Activity:
Would you restate all the entries exactly, leaving nothing out?

Input for this task:

---------------

Lemma discrepancy_sum ns (a : seq rat) i : size a = size ns ->
  \sum_(j < size ns) a`_j * Eint ns j i =
  (0 :: a)`_i - (nth 0%N ns i)%:R * a`_i + a`_i.+1.
Proof.
move=> sizeE; under eq_bigr => j _ do rewrite EintE mulrDr mulrBr mulrCA.
rewrite big_split sumrB -mulr_sumr !sum_nth_delta //; congr (_ - _ + _).
case: i => [|i] /=; first by rewrite big1 // => j _; rewrite mulr0.
by under eq_bigr => j _ do rewrite eqSS; rewrite sum_nth_delta.
Qed.

(* (0 :: a)`_i is the paper's a_i (1-based), and 0 for i = 0 and, by the nth
   default, for i = l+1. *)
Definition log_discrepancy (a : seq rat) (i : nat) : rat := 1 - (0 :: a)`_i.

Lemma discrepancy_chain_solution ns a :
  is_discrepancy ns a -> chain_solution ns (log_discrepancy a).
Proof.
case=> sizeE disc; split; rewrite /log_discrepancy /= ?subr0 //.
  by rewrite nth_default ?subr0 // sizeE.
case=> // i /andP[_ lt_i]; have := disc i lt_i; rewrite discrepancy_sum //=.
by case: i lt_i => [|i] _ /=; lra.
Qed.

Theorem proposition4p3 (ns : seq nat) (a : seq rat) :
  (0 < size ns)%N -> all (fun n => 2 <= n)%N ns -> is_discrepancy ns a ->
  ((forall k : nat, (k.+1 < size ns)%N -> a`_k + a`_k.+1 < 1) <->
   (in_list ns \/ in_list (rev ns))).
Proof.
move=> ns_gt0 ns_ge2 disc.
have sol := discrepancy_chain_solution _ _ disc.
rewrite -(adjacent_sums_gt1_iff_in_list _ _ ns_gt0 ns_ge2 sol).
rewrite /adjacent_sums_gt1 /log_discrepancy.
split=> [lt1 [|k] // k_in | gt1 k k_in].
  by have /= := lt1 k ltac:(lia); lra.
by have /= := gt1 k.+1 ltac:(lia); lra.
Qed.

---------------

The answer:
Lemma discrepancy_sum ns (a : seq rat) i : size a = size ns ->
  \sum_(j < size ns) a`_j * Eint ns j i =
  (0 :: a)`_i - (nth 0%N ns i)%:R * a`_i + a`_i.+1.
Proof.
move=> sizeE; under eq_bigr => j _ do rewrite EintE mulrDr mulrBr mulrCA.
rewrite big_split sumrB -mulr_sumr !sum_nth_delta //; congr (_ - _ + _).
case: i => [|i] /=; first by rewrite big1 // => j _; rewrite mulr0.
by under eq_bigr => j _ do rewrite eqSS; rewrite sum_nth_delta.
Qed.

(* (0 :: a)`_i is the paper's a_i (1-based), and 0 for i = 0 and, by the nth
   default, for i = l+1. *)
Definition log_discrepancy (a : seq rat) (i : nat) : rat := 1 - (0 :: a)`_i.

Lemma discrepancy_chain_solution ns a :
  is_discrepancy ns a -> chain_solution ns (log_discrepancy a).
Proof.
case=> sizeE disc; split; rewrite /log_discrepancy /= ?subr0 //.
  by rewrite nth_default ?subr0 // sizeE.
case=> // i /andP[_ lt_i]; have := disc i lt_i; rewrite discrepancy_sum //=.
by case: i lt_i => [|i] _ /=; lra.
Qed.

Theorem proposition4p3 (ns : seq nat) (a : seq rat) :
  (0 < size ns)%N -> all (fun n => 2 <= n)%N ns -> is_discrepancy ns a ->
  ((forall k : nat, (k.+1 < size ns)%N -> a`_k + a`_k.+1 < 1) <->
   (in_list ns \/ in_list (rev ns))).
Proof.
move=> ns_gt0 ns_ge2 disc.
have sol := discrepancy_chain_solution _ _ disc.
rewrite -(adjacent_sums_gt1_iff_in_list _ _ ns_gt0 ns_ge2 sol).
rewrite /adjacent_sums_gt1 /log_discrepancy.
split=> [lt1 [|k] // k_in | gt1 k k_in].
  by have /= := lt1 k ltac:(lia); lra.
by have /= := gt1 k.+1 ltac:(lia); lra.
Qed.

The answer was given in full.